**TASK GOAL**
Could you set down exactly the lines in the records below between the line holding "Lemma sum_prodM_recr (v" and the line holding "Lemma unroll_recursion t", inclusive?

=== GIVEN RECORDS ===

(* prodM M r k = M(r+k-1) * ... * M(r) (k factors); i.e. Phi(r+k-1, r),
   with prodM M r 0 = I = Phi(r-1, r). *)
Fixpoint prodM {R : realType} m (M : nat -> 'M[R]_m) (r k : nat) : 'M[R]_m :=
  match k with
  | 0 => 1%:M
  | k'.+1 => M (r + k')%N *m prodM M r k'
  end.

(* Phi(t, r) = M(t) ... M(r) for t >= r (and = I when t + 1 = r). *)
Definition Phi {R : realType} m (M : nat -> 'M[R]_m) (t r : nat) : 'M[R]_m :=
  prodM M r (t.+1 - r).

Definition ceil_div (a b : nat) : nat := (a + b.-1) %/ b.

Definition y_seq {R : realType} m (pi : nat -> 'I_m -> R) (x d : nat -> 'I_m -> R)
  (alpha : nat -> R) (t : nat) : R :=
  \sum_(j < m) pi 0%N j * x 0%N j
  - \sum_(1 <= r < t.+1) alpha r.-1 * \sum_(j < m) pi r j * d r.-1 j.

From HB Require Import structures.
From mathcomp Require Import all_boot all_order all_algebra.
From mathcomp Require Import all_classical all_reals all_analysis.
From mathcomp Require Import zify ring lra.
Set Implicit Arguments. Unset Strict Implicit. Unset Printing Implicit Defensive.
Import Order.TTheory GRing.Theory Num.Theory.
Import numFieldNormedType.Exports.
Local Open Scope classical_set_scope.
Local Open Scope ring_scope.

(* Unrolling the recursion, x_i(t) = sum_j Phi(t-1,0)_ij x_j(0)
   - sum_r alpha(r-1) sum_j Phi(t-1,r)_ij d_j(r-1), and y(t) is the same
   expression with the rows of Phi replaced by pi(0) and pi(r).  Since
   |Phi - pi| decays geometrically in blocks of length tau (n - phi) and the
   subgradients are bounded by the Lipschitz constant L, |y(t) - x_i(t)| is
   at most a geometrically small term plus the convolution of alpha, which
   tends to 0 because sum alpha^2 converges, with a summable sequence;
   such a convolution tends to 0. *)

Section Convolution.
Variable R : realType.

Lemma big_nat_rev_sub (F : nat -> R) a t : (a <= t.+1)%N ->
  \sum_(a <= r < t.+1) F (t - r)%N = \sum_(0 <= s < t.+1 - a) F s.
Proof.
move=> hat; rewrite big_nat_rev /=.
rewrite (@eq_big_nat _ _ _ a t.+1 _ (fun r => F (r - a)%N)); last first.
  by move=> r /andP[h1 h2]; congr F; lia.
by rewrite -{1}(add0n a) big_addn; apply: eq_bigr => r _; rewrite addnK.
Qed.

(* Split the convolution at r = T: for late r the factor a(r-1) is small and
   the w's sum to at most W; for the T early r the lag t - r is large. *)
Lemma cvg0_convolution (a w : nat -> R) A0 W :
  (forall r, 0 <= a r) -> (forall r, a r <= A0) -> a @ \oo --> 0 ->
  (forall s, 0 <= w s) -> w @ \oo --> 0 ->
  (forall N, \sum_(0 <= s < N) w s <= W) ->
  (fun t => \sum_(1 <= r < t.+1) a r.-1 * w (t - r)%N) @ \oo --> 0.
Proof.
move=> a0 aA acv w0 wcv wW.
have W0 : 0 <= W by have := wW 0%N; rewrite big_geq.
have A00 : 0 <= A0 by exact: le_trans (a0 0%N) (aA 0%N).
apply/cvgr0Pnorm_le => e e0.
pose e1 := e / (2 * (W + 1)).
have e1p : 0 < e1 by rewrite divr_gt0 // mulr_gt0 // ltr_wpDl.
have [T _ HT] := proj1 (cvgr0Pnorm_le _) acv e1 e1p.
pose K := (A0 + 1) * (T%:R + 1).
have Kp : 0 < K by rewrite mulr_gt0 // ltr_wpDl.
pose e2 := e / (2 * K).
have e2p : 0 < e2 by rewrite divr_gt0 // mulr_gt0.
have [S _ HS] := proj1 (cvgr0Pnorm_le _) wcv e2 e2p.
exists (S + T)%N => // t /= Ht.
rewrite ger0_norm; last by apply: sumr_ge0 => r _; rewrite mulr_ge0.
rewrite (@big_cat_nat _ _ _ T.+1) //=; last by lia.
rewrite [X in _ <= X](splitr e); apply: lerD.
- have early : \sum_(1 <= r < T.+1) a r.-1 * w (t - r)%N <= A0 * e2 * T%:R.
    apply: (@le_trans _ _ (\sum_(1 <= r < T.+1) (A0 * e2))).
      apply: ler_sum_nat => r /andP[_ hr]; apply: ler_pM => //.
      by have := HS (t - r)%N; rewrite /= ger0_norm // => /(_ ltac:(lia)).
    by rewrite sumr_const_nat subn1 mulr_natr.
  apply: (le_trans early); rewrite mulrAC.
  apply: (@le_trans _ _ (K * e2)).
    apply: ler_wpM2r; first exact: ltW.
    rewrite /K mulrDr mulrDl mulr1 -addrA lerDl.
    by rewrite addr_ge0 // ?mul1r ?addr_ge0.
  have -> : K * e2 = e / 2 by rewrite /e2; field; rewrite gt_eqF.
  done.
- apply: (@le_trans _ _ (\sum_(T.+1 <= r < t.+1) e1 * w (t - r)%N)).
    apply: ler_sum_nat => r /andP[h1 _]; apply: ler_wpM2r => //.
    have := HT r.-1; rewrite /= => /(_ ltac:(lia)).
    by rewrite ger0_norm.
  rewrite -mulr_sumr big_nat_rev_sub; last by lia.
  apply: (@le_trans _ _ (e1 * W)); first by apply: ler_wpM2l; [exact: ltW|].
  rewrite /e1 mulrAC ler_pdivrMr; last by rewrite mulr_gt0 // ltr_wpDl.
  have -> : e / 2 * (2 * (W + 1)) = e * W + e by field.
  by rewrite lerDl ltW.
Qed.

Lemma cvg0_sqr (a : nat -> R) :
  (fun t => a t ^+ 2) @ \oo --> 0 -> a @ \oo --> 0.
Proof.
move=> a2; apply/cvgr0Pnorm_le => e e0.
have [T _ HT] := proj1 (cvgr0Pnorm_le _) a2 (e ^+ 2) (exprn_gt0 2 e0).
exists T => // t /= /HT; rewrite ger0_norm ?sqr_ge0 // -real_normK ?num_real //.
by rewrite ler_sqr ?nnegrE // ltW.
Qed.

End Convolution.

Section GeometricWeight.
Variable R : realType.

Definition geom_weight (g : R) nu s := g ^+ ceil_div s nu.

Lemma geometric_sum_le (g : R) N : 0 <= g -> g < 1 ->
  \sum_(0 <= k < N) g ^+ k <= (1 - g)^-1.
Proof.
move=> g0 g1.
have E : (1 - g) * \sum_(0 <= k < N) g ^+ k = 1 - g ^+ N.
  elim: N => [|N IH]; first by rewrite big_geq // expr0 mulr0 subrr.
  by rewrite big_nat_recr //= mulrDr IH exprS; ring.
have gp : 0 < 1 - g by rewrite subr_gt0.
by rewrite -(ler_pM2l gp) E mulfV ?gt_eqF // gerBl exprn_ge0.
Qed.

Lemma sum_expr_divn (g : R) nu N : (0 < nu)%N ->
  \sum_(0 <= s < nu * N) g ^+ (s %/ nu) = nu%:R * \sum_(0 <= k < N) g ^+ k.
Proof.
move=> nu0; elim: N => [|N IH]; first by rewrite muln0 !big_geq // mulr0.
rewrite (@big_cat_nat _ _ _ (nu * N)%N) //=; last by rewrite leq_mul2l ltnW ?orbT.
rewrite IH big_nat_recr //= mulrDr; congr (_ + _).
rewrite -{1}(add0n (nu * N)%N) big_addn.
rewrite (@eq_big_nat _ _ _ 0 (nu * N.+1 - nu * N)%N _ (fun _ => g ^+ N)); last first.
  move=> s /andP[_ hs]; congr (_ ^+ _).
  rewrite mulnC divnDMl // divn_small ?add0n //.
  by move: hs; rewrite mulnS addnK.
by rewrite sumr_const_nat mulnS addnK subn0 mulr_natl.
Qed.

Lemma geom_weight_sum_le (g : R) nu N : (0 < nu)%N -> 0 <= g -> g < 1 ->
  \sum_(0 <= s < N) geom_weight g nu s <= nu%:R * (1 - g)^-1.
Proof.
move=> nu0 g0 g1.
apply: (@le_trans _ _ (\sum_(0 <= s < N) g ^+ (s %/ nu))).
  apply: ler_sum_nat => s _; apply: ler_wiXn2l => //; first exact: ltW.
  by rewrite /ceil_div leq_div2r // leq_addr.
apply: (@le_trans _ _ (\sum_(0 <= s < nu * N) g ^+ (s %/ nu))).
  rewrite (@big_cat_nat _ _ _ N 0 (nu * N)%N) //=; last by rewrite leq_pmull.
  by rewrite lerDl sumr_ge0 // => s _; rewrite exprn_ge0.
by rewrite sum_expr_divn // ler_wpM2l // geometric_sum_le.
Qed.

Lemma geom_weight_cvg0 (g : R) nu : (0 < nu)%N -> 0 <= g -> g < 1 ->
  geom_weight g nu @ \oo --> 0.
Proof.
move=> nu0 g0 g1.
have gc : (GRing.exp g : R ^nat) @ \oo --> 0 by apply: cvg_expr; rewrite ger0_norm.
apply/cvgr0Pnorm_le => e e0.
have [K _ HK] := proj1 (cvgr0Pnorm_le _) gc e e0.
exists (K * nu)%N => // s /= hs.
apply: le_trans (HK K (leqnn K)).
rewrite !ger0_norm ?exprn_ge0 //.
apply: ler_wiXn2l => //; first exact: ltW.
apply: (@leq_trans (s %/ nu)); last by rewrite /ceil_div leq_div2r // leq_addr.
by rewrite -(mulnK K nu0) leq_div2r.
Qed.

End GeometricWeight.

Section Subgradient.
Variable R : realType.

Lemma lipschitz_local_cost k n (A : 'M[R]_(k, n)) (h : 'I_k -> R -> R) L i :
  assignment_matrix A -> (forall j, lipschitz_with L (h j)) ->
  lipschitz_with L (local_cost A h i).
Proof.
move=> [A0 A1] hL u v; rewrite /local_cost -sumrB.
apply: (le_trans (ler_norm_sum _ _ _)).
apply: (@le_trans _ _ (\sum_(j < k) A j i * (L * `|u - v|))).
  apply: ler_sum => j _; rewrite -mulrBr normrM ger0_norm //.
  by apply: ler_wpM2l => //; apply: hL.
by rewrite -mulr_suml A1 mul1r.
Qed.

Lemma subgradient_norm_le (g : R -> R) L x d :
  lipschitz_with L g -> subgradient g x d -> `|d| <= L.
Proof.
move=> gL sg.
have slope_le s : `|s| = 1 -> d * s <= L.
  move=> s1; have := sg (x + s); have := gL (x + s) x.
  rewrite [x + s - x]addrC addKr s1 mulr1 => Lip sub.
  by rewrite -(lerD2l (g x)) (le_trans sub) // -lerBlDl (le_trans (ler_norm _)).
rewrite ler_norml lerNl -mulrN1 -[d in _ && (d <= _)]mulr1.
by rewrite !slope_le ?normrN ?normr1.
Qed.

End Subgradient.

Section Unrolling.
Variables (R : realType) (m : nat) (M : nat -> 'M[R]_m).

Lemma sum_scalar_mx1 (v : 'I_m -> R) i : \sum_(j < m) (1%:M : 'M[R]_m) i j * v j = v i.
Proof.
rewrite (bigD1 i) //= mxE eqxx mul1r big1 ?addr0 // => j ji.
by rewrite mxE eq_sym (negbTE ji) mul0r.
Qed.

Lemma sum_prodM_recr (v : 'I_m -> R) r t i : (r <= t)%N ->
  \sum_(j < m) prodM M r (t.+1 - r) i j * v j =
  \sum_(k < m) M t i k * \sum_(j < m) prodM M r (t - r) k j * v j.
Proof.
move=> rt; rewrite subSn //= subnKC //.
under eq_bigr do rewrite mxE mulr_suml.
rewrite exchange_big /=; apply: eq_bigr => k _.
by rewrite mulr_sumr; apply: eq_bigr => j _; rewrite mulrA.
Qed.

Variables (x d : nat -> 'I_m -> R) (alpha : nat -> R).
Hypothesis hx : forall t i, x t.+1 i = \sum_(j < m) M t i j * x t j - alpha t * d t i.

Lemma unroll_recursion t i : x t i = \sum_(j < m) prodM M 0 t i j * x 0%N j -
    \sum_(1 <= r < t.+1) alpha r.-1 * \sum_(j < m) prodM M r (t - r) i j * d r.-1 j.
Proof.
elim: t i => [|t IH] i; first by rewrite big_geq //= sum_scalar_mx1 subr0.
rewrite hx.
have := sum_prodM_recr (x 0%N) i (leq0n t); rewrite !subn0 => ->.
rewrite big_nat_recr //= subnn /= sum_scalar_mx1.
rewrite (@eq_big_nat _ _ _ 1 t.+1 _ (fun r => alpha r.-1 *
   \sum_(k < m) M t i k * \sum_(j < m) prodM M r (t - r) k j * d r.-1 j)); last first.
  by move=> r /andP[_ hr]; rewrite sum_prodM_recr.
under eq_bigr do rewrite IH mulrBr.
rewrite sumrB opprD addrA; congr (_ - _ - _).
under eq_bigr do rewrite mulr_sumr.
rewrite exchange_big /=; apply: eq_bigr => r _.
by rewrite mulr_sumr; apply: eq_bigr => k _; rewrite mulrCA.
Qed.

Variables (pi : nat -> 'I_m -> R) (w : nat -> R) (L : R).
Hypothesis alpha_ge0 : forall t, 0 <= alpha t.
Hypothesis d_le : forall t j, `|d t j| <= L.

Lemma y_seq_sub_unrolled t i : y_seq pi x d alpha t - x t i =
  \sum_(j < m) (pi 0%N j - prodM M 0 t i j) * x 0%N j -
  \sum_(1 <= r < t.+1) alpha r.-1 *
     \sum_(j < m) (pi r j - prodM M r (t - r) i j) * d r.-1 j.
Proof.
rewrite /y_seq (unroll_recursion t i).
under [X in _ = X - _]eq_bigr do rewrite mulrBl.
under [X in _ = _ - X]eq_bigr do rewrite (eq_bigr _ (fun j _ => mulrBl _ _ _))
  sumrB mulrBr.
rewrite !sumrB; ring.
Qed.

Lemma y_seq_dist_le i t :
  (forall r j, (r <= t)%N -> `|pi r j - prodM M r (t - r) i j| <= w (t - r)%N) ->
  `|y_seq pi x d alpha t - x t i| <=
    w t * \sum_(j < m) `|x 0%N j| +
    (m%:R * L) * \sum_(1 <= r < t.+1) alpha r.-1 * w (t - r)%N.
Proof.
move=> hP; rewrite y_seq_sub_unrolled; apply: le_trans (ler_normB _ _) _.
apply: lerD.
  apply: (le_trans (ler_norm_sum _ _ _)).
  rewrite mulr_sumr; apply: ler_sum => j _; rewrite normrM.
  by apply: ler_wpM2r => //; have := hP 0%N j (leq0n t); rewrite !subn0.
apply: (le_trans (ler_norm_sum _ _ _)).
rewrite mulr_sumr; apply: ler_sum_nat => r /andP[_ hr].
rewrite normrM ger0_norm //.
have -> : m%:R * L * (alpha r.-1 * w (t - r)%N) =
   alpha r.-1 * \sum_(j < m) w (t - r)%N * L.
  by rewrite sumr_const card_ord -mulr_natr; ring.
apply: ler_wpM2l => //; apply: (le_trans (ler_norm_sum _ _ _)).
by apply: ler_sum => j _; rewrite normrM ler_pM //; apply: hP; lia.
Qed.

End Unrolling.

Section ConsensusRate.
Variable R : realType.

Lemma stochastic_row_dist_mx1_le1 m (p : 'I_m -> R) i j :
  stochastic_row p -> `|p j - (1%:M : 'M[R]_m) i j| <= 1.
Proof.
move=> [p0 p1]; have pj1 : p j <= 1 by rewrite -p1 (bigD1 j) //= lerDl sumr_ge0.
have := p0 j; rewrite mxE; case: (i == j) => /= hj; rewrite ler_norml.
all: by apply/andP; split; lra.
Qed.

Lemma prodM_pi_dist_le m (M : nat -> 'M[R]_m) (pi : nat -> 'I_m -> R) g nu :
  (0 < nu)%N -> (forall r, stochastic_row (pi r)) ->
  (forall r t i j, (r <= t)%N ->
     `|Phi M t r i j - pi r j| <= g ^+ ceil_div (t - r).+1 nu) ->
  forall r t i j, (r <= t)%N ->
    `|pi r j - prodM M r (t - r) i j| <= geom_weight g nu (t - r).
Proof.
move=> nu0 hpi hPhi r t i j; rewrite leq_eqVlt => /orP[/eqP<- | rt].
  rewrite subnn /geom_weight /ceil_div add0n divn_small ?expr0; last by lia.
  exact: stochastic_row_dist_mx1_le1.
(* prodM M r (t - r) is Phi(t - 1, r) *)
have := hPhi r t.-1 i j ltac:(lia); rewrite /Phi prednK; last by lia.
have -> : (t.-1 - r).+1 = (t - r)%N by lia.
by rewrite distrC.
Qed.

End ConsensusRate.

===

**WRITTEN REPLY**
Lemma sum_prodM_recr (v : 'I_m -> R) r t i : (r <= t)%N ->
  \sum_(j < m) prodM M r (t.+1 - r) i j * v j =
  \sum_(k < m) M t i k * \sum_(j < m) prodM M r (t - r) k j * v j.
Proof.
move=> rt; rewrite subSn //= subnKC //.
under eq_bigr do rewrite mxE mulr_suml.
rewrite exchange_big /=; apply: eq_bigr => k _.
by rewrite mulr_sumr; apply: eq_bigr => j _; rewrite mulrA.
Qed.

Variables (x d : nat -> 'I_m -> R) (alpha : nat -> R).
Hypothesis hx : forall t i, x t.+1 i = \sum_(j < m) M t i j * x t j - alpha t * d t i.

Lemma unroll_recursion t i : x t i = \sum_(j < m) prodM M 0 t i j * x 0%N j -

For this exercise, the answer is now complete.